Here’re some alignment stats from the BBmmap pileup.sh
command (can be found at end of the slurm file (text)):
Reads: 163236894
Mapped reads: 143703254
Mapped bases: 16437148607
Ref scaffolds: 2276153
Ref bases: 2243059881
Percent mapped: 88.034
Percent proper pairs: 76.768
Average coverage: 7.328
Standard deviation: 27.892
Percent scaffolds with any coverage: 70.54
Percent of reference bases covered: 56.07
Also, ran Quast to assess assembly:
python \
/home/sam/software/quast-4.5/quast.py \
--threads=20 \
--min-contig=100 \
--labels=meta_megahit_assembly \
/mnt/gannet/Atumefaciens/20190102_metagenomics_geo_megahit/megahit_out/final.contigs.fa
Quast output folder:
Quast report (HTML):
Quast report (text):
Quast report.txt
:
All statistics are based on contigs of size >= 100 bp, unless otherwise noted (e.g., "# contigs (>= 0 bp)" and "Total length (>= 0 bp)" include all contigs).

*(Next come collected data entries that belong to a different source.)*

(* Let $\Phi$ be a dictionary with coherence $\mu$ and Babel function $\mu_1$, let $m\ge1$ with $m<\tfrac12(\mu^{-1}+1)$, and let $y=\Phi x^*$ be an $m$-sparse signal with $\|x^*\|_0\le m$. Let $\beta>0$ with $\|x^*\|_1<\beta$. Then there exists an integer $K$ such that for all iterations $k\ge K$ of the Frank-Wolfe algorithm for Problem (P$_\beta$), $$\|r_{k+1}\|_2^2\le(1-\theta)\,\|r_k\|_2^2,\qquad \theta=\frac{1}{16}\cdot\frac{1-\mu_1(m-1)}{m}\cdot\Big(1-\frac{\|x^*\|_1}{\beta}\Big)^2,$$ and $0<\theta\le1$.
   Context: A dictionary is a matrix $\Phi=[\varphi_1,\dots,\varphi_n]\in\mathbb{R}^{d\times n}$ whose columns (atoms) satisfy $\|\varphi_i\|_2=1$. Its coherence is $\mu=\max_{j\neq k}|\langle\varphi_j,\varphi_k\rangle|$, and its Babel function is $\mu_1(p)=\max_{|\Lambda|=p}\max_{i\notin\Lambda}\sum_{j\in\Lambda}|\langle\varphi_i,\varphi_j\rangle|$ for $p\ge1$, with $\mu_1(0)=0$. A signal $y\in\mathbb{R}^d$ is $m$-sparse if $y=\Phi x^*$ for some $x^*\in\mathbb{R}^n$ with at most $m$ nonzero entries; when $m<\tfrac12(\mu^{-1}+1)$ such an $x^*$ is unique. Problem (P$_\beta$): minimize $f(x)=\tfrac12\|y-\Phi x\|_2^2$ over $B_1(\beta)=\{x\in\mathbb{R}^n:\|x\|_1\le\beta\}$. Frank-Wolfe algorithm for (P$_\beta$): set $x_0=0$. For $k=0,1,2,\dots$: let $r_k=y-\Phi x_k$ (the residual); choose $i_k\in\arg\max_{i}|\langle\varphi_i,r_k\rangle|$ (any maximizer); set $s_k=\operatorname{sign}(\langle\varphi_{i_k},r_k\rangle)\,\beta\, e_{i_k}$ ($e_i$ the canonical basis vectors, $\operatorname{sign}(0)\in\{\pm1\}$ arbitrary); choose $\gamma_k\in\arg\min_{\gamma\in[0,1]}\|y-\Phi(x_k+\gamma(s_k-x_k))\|_2^2$; set $x_{k+1}=x_k+\gamma_k(s_k-x_k)$. *)

From HB Require Import structures.
From mathcomp Require Import all_boot all_order all_algebra.
Set Implicit Arguments. Unset Strict Implicit. Unset Printing Implicit Defensive.
Import Order.TTheory GRing.Theory Num.Theory.
Local Open Scope ring_scope.

Section Defs.
Variable R : archiRealFieldType.

Definition dot (d : nat) (u v : 'cV[R]_d) : R := \sum_(i < d) u i 0 * v i 0.
Definition sqnorm (d : nat) (u : 'cV[R]_d) : R := dot u u.

Definition l1norm (n : nat) (x : 'cV[R]_n) : R := \sum_(i < n) `|x i 0|.
Definition l0norm (n : nat) (x : 'cV[R]_n) : nat := #|[set i | x i 0 != 0]|.

Definition atom (d n : nat) (Phi : 'M[R]_(d, n)) (j : 'I_n) : 'cV[R]_d := col j Phi.

Definition is_dictionary (d n : nat) (Phi : 'M[R]_(d, n)) : Prop :=
  forall j : 'I_n, sqnorm (atom Phi j) = 1.

Definition coherence (d n : nat) (Phi : 'M[R]_(d, n)) : R :=
  \big[Num.max/0]_(j < n) \big[Num.max/0]_(k < n | j != k)
     `|dot (atom Phi j) (atom Phi k)|.

(* Babel function mu_1(p) = max_{|L| = p} max_{i notin L} sum_{j in L} |<phi_i,phi_j>|.
   (Maxima of nonnegative quantities, with empty max = 0; mu_1(0) = 0.) *)
Definition babel (d n : nat) (Phi : 'M[R]_(d, n)) (p : nat) : R :=
  \big[Num.max/0]_(L : {set 'I_n} | #|L| == p)
    \big[Num.max/0]_(i < n | i \notin L)
      \sum_(j in L) `|dot (atom Phi i) (atom Phi j)|.

Definition residual (d n : nat) (Phi : 'M[R]_(d, n)) (y : 'cV[R]_d) (x : 'cV[R]_n)
  : 'cV[R]_d := y - Phi *m x.
(* Let $\mathcal{R}$ be a ring and let $(\mathcal{C}^{\bullet},\partial)$ be a bigraded cochain complex of $\mathcal{R}$-modules as described in the context. Then there is a commutative diagram with exact rows and exact columns whose rows are \[ 0\to B^{1}(\mathcal{N}_{0},\overline{\partial})\hookrightarrow B^{1}(\mathcal{C},\partial)\xrightarrow{\pi_{1}} B^{1}(\mathcal{C}^{0,\bullet},\partial_{0,1})\to 0, \] \[ 0\to Z^{1}(\mathcal{N}_{0},\overline{\partial})\hookrightarrow Z^{1}(\mathcal{C},\partial)\xrightarrow{\pi_{1}} \ker(\rho_{1})\to 0, \] \[ 0\to H^{1}(\mathcal{N}_{0},\overline{\partial})\to H^{1}(\mathcal{C},\partial)\to \frac{\ker(\rho_{1})}{B^{1}(\mathcal{C}^{0,\bullet},\partial_{0,1})}\to 0, \] where the vertical maps from the first to the second row are inclusions, the vertical maps from the second to the third row are the canonical quotient projections, and the maps of the third row are the ones induced by those of the second row. In particular, $B^{1}(\mathcal{C}^{0,\bullet},\partial_{0,1})\subseteq\ker(\rho_{1})$ and the last row is a short exact sequence.
   Context: Setting: $\mathcal{C}^{\bullet}=\bigoplus_{k\in\mathbb{Z}}\mathcal{C}^{k}$ is a graded $\mathcal{R}$-module with a compatible bigrading $\mathcal{C}^{k}=\bigoplus_{p+q=k}\mathcal{C}^{p,q}$, where $\mathcal{C}^{p,q}=\{0\}$ whenever $p<0$ or $q<0$; $\partial$ is an $\mathcal{R}$-linear map of degree $1$ with $\partial^{2}=0$, and $\partial=\partial_{2,-1}+\partial_{1,0}+\partial_{0,1}$ with $\partial_{i,j}(\mathcal{C}^{p,q})\subseteq\mathcal{C}^{p+i,q+j}$. For $\eta\in\mathcal{C}^{k}$, $\eta_{p,q}$ denotes its component in $\mathcal{C}^{p,q}$. For $q\in\mathbb{Z}$, $G^{q}\mathcal{C}:=\bigoplus_{j\geq q}\mathcal{C}^{i,j}$ and $\pi_{q}:\mathcal{C}\to G^{q}\mathcal{C}$ is the projection along the bigrading. $Z,B,H$ denote cocycles, coboundaries, cohomology; since $\partial_{0,1}^{2}=0$, $(\mathcal{C}^{0,\bullet},\partial_{0,1})$ is a cochain complex. Let $\mathcal{N}^{p,q}:=\ker(\partial_{0,1}|_{\mathcal{C}^{p,q}})\cap\ker(\partial_{2,-1}|_{\mathcal{C}^{p,q}})$ and $\mathcal{N}_{0}:=\bigoplus_{p}\mathcal{N}^{p,0}$ (so $\mathcal{N}^{p,0}=\ker(\partial_{0,1}:\mathcal{C}^{p,0}\to\mathcal{C}^{p,1})$, in degree $p$); this is a subcomplex of $(\mathcal{C},\partial)$ and $\overline{\partial}$ denotes the restriction of $\partial$ to it (which equals $\partial_{1,0}$ there). Let $\mathcal{A}^{k}:=\{\pi_{1}(\eta)\mid\eta\in\mathcal{C}^{k},\ \pi_{1}(\partial\eta)=0\}$. For $\xi\in\mathcal{A}^{k}$ and any $\eta\in\mathcal{C}^{k}$ with $\pi_{1}\eta=\xi$, $\pi_{1}(\partial\eta)=0$, the element $\partial_{2,-1}\xi_{k-1,1}+\partial_{1,0}\eta_{k,0}$ is a $(k+1)$-cocycle of $(\mathcal{N}_{0},\overline{\partial})$ whose cohomology class depends only on $\xi$; this defines the linear map $\rho_{k}:\mathcal{A}^{k}\to H^{k+1}(\mathcal{N}_{0},\overline{\partial})$, $\rho_{k}(\xi):=[\partial_{2,-1}\xi_{k-1,1}+\partial_{1,0}\eta_{k,0}]$. *)

From HB Require Import structures.
From mathcomp Require Import all_boot all_order all_algebra.
Set Implicit Arguments. Unset Strict Implicit. Unset Printing Implicit Defensive.
Import GRing.Theory.
Local Open Scope ring_scope.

Assembly meta_megahit_assembly
# contigs (>= 0 bp) 2276153
# contigs (>= 1000 bp) 496414
# contigs (>= 5000 bp) 41075
# contigs (>= 10000 bp) 12255
# contigs (>= 25000 bp) 2797
# contigs (>= 50000 bp) 864
Total length (>= 0 bp) 2243059881
Total length (>= 1000 bp) 1342986697
Total length (>= 5000 bp) 487449312
Total length (>= 10000 bp) 293688660
Total length (>= 25000 bp) 154694058
Total length (>= 50000 bp) 89125138
# contigs 2276153
Largest contig 2035937
Total length 2243059881
GC (%) 39.32
N50 1413
N75 624
L50 308641
L75 932685
# N's per 100 kbp 0.00
Now, should probably BLASTn, identify ORFs, translate and BLASTp those ORFs.